Shushwa crouched down to examine the earth. He could see his own hoofprints. He had been here, but was not here now. He looked for blood, but found none. The hoofprints, however, continued on, back in the direction they had come.
Shushwa’s heart beat faster. Perhaps he had not become the hunter. Perhaps the hunter and I have only switched.
Yes, that must be it. The human man was now in his own body, himself becoming accustomed to the keenness of Shushwa’s own nose and ears. This, Shushwa decided, was not what happened when a human shot a deer. He had known bucks who had been shot, and they did not come back with human spirits in them.
The human must not have fired his rifle. Something else must have happened. Shushwa did not know what, but something had passed between them and they switched. The other hunter, the angry one, had missed with his shot, and he—no, Virgil; the other man had called him Virgil—Virgil in Shushwa’s body had managed to run away.
Shushwa sat and tilted his head up to face the rain. He sat, unsure what to do. His heart wanted to plunge on into the wood, to look for Ashvinh and Weshah. But even if he could find them, they would not know him. They would fear him in Virgil’s body, and they would only run away as he himself had taught them.
Worse, his mate and son would be expecting Virgil to lead them. But Virgil would not know where to go, what to do. Shushwa wished, harder than he had ever wished anything, that Virgil understood what was happening and would do his best to take Shushwa’s place.
The rain began to overcome Virgil’s clothes, soaking through to his skin and making him shiver. Well. He had done as the angry man had commanded. He had looked for his body, but it was not there. He was not himself, but he wasn’t Virgil, either.
Still, he knew he couldn’t stay in the woods, no matter how much it felt like home. Humans weren’t built for it. There was little for him to do but go back. If Virgil was to take Shushwa’s place, then Shushwa too must do his best to take Virgil’s.
 
 

 

Shushwa reached the humans’ truck, writhing at the unpleasant feel of the wet cloth against his hairless skin. He stood for a moment, staring at the other man sitting in the truck, before it came to him that he was supposed to sit on the other side. He stood dumbly in front of the door until it came to him how to grasp the handle, push the shiny chrome button with his… thumb, and pull. Such a complicated process, and Shushwa wondered if he could make his floppy pink hands work that way.
It took three tries to open the door. The other man stared at him the whole time through narrow eyes.
“Took yer time.” The other man glared at him as Shushwa got into the truck. He had to move some smooth round things—empties—off the seat before he could take his place.
“Sorry, Grizz.” It came to him that the other man liked to be called Grizz, and that this would be a good time to change the subject. “No blood, just hoofprints runnin’ off.”

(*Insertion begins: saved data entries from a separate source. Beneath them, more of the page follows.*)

Lemma parabola_sidon (F : finFieldType) : 2 != 0 :> F ->
  sidon [set parabola x | x : F].
Proof.
move=> two_neq0 _ _ _ _ /imsetP[x _ ->] /imsetP[y _ ->] /imsetP[u _ ->] /imsetP[v _ ->].
move=> /rowP e; have e1 := e ord0; have e2 := e ord_max; rewrite !mxE /= !expr1 in e1 e2.
by have [[-> ->]|[-> ->]] := eq_power_sums2 two_neq0 e1 e2; last rewrite setUC.
Qed.

Lemma sidon_exists d : exists (G : finZmodType) (S : {set G}), #|S| = d /\ sidon S.
Proof.
have [p ltp p_pr] := prime_above d.+2.
have Fp_nat_inj a b : (a < p)%N -> (b < p)%N -> a%:R = b%:R :> 'F_p -> a = b.
  by move=> ap bp /(congr1 val); rewrite /= !(val_Fp_nat p_pr) !modn_small.
have two_neq0 : 2 != 0 :> 'F_p.
  apply/eqP => e; suff : 2%N = 0%N by [].
  by apply: (Fp_nat_inj 2 0) => //; lia.
exists [the finZmodType of 'rV['F_p]_2], [set parabola i%:R | i : 'I_d]; split.
  rewrite card_imset ?card_ord // => i j /parabola_inj eq_ij.
  by apply/val_inj/(Fp_nat_inj _ _ _ _ eq_ij); [have := ltn_ord i | have := ltn_ord j]; lia.
apply: sidonS _ (parabola_sidon two_neq0).
by apply/subsetP => _ /imsetP[i _ ->]; apply: imset_f.
Qed.

Lemma sidon_addE (G : finZmodType) (S : {set G}) (I : eqType) (s : I -> G) :
    sidon S -> injective s -> (forall i, s i \in S) -> forall i j k l,
  (s i + s j == s k + s l) = ((i == k) && (j == l)) || ((i == l) && (j == k)).
Proof.
move=> S_sidon s_inj sS i j k l; apply/eqP/idP => [e|]; last first.
  by case/orP => /andP[/eqP-> /eqP->] //; rewrite addrC.
have /setP/(_ (s i)) := S_sidon _ _ _ _ (sS i) (sS j) (sS k) (sS l) e.
rewrite !inE eqxx /= => /esym/orP[]/eqP/s_inj ik; subst.
  by have /s_inj -> : s j = s l := addrI _ e; rewrite !eqxx.
have /s_inj -> : s j = s k by apply: (addrI (s l)); rewrite e addrC.
by rewrite !eqxx orbT.
Qed.

Lemma natr_orb_andb (R : nzSemiRingType) (a b : bool) :
  (a || b)%:R + (a && b)%:R = a%:R + b%:R :> R.
Proof. by case: a; case: b; rewrite /= ?addr0 ?add0r. Qed.

Lemma eq_all4E (T : eqType) (i j k l : T) :
  [&& i == j, i == k & i == l] = ((i == k) && (j == l)) && ((i == l) && (j == k)).
Proof.
apply/and3P/andP => [[/eqP<- /eqP<- /eqP<-]|[/andP[/eqP<- /eqP<-] /andP[/eqP<- _]]];
  by rewrite !eqxx.
Qed.

(* Stated for [Num.conj] on [R[i]]: in this form they rewrite terms where the
   generic [rmorphM] and the [conjc]-headed [conjc_real] fail to match. *)
Lemma conj_complexM (R : realType) (a b : R[i]) : (a * b)^* = a^* * b^*.
Proof. exact: rmorphM. Qed.

Lemma conj_real_complex (R : realType) (r : R) : (r%:C%C)^* = r%:C%C.
Proof. exact: conjc_real. Qed.

Section SidonDesign.
Variables (R : realType) (G : finZmodType) (d : nat) (S : {set G}).
Hypotheses (d_gt0 : (0 < d)%N) (cardS : #|S| = d) (S_sidon : sidon S).
Variable psi : 'I_#|G| -> G -> R[i].
Hypotheses (psiD : forall t a b, psi t (a + b) = psi t a * psi t b)
           (psi_unit : forall t a, psi t a * (psi t a)^* = 1)
           (sum_psi : forall g, \sum_t psi t g = (g == 0)%:R * #|G|%:R).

“Well, Virgil, ya done screwed that up pretty good, but we’ll get ‘em next time. Sorry for beatin’ on ya, boy.”
Shushwa knew he was supposed to say something about that. He was supposed to offer forgiveness. “It’s all right, Grizz. I had it comin’.”  He also knew Grizz wasn’t sorry.
“Damn right you did. Well, let’s get on back to the truck. Molly’s sure gonna give us hell for comin’ back empty handed, though.”
Shushwa knew that was a lie. Grizz started the engine and the truck rumbled. Backing the truck out onto a dirt road, he drove off.
It was uncommonly strange, Shushwa thought, to be moving without using one’s own legs. Trees sped past the truck, making him feel that he should be running, and yet he was still within the truck.  Its hard smooth surfaces and acrid mix of smells—tobacco, diesel, Schlitz—unlike anything he had known.
As they drove on, Shushwa became cold and started to shiver. If Grizz noticed, he didn’t say anything. Sitting still in the truck, he could feel his muscles tightening around his ribs where Grizz had struck him. One of his eyes felt wrong, too. Swollen. He touched it gingerly with his new hands, surprised for a moment at the delicate sensitivity in them. The eye hurt, so he stopped touching it.
The rain increased as they drove, heavy clouds bringing an early darkness as Grizz turned the truck onto a different road. A smooth road.  The highway. Shushwa realized they were close to their destination. An image came to him, of an unpainted aluminum trailer, parked on a small concrete pad. The image included many other trailers nearby, of different shapes, sizes, and colors. But this one was theirs, his and the man’s. Lights shone behind small windows, and inside, a female. Grizz’ mate Molly. This was Shushwa’s new home.
As they approached, Shushwa became fearful. Not for himself, he realized, but for Molly. He and Grizz were supposed to be returning with meat. With my body. Molly would have a skillet ready to cook some. Shushwa fought down the bile of revulsion that crept up in his throat at the thought, and focused on Molly. Grizz was still mad, he was certain, about what had happened and if Molly said the wrong thing he would beat her. He needed to warn her, somehow, before she said anything.
Shushwa watched the road carefully, struggling to summon memories of where they were and how close to home, so he could be ready to exit the truck and get to Molly first.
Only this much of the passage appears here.